Clark talks Federal Reserve’s third round of quantitative easing


The Federal Reserve has moved to keep interest rates artificially low through 2015 in an effort to bolster economic growth and raise employment numbers.

As one of the world’s big central banks, the Federal Reserve has a unique twofold mission. It is charged with both keeping inflation low and stimulating employment. Most central banks only have the first job, not the second one.

Because inflation is not an issue right now, all of the Fed’s efforts are focused on the employment picture. Currently, the official unemployment number is 8.1, while the more comprehensive metric I pay attention to, U6, is around 15.

Keeping interest rates low effectively eviscerates savers and those on fixed incomes living on savings.

On the employment front, the Fed has released projections about what employment will look like in the future. By next year, they expect unemployment to go down to between 7.6. and 7.9. Then in 2014, they’re projecting unemployment of between 6.7 and 7.3. Finally by 2015, their projections suggest it will be between 6 and 6.8.

So you get the idea; it’s a slow trend line in being able to get everybody back to work who wants to work.

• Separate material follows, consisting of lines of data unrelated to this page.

Lemma Cpow_add z a b : z ^ (a + b) = z ^ a * z ^ b.
Proof. induction a; simpl. ring. rewrite IHa; ring. Qed.
Lemma Cpow_mul z a b : z ^ (a * b) = (z ^ a) ^ b.
Proof.
  induction b; simpl. rewrite Nat.mul_0_r; auto.
  rewrite Nat.mul_succ_r, Cpow_add, IHb. ring.
Qed.
Lemma Cpow_mult a b n : (a * b) ^ n = a ^ n * b ^ n.
Proof. induction n; simpl. ring. rewrite IHn; ring. Qed.
Lemma Cpow_one n : C1 ^ n = C1.
Proof. induction n; simpl; auto. rewrite IHn; ring. Qed.
Lemma Cpow_inv z n : z <> C0 -> z ^ n * (Cinv z) ^ n = C1.
Proof.
  intro H. rewrite <- Cpow_mult. replace (z * Cinv z) with C1 by (field; auto).
  apply Cpow_one.
Qed.
Lemma Cnorm_pow z n : Cnorm (z ^ n) = (Cnorm z ^ n)%R.
Proof. induction n; simpl. apply Cnorm_1. rewrite Cnorm_mult, IHn; auto. Qed.
Lemma Cnorm_pow_lt1 p n : (Cnorm p < 1)%R -> (0 < n)%nat -> (Cnorm (p ^ n)%C < 1)%R.
Proof.
  intros H Hn. rewrite Cnorm_pow.
  apply pow_lt_1_compat; [split; [apply Cnorm_ge0|auto]|auto].
Qed.

Lemma Cmult_neq_0 a b : a <> C0 -> b <> C0 -> a * b <> C0.
Proof.
  intros Ha Hb E. assert (H : Cnorm (a * b) = 0%R) by (rewrite E; apply Cnorm_0).
  rewrite Cnorm_mult in H. apply Cnorm_gt0 in Ha. apply Cnorm_gt0 in Hb. nra.
Qed.
Lemma Cpow_neq_0 z n : z <> C0 -> z ^ n <> C0.
Proof. intro H. induction n; simpl. apply C1_neq_0. apply Cmult_neq_0; auto. Qed.
Lemma Copp_neq_0 a : a <> C0 -> - a <> C0.
Proof. intros H E. apply H. replace a with (- - a) by ring. rewrite E. ring. Qed.

Ltac nonzero :=
  repeat split;
  repeat (first [apply Copp_neq_0 | apply Cpow_neq_0 | apply Cmult_neq_0]);
  auto using C1_neq_0.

How will the Fed achieve this? By pumping  $85 billion a month into the economy through the purchase of bonds, which will drive down interest rates. That level of money they’re prepared to throw into the economy will be more than double what they’ve been doing so far.

While the Fed holds down interest rates for savers, the interest rates for borrowers are unbelievable. Car loans have interest rates starting in the 1s at credit unions. It is possible that mortgage interest rates could down even more as a result of the Fed’s latest announcement, though there’s not a lot of wiggle room.

The mortgage market is in a chokehold with the giant banks controlling most of the business. So if you do want to take advantage of possibly lower rates in the coming weeks look at mortgage brokers, credit unions, small local banks. Avoid the brand name giant banks like Wells Fargo.

The issues the Federal Reserve is dealing with will be core to the November election. Yet what the Fed did today will have no direct impact on the election less than 8 weeks away. Their moves will play out in the long term, not the short term.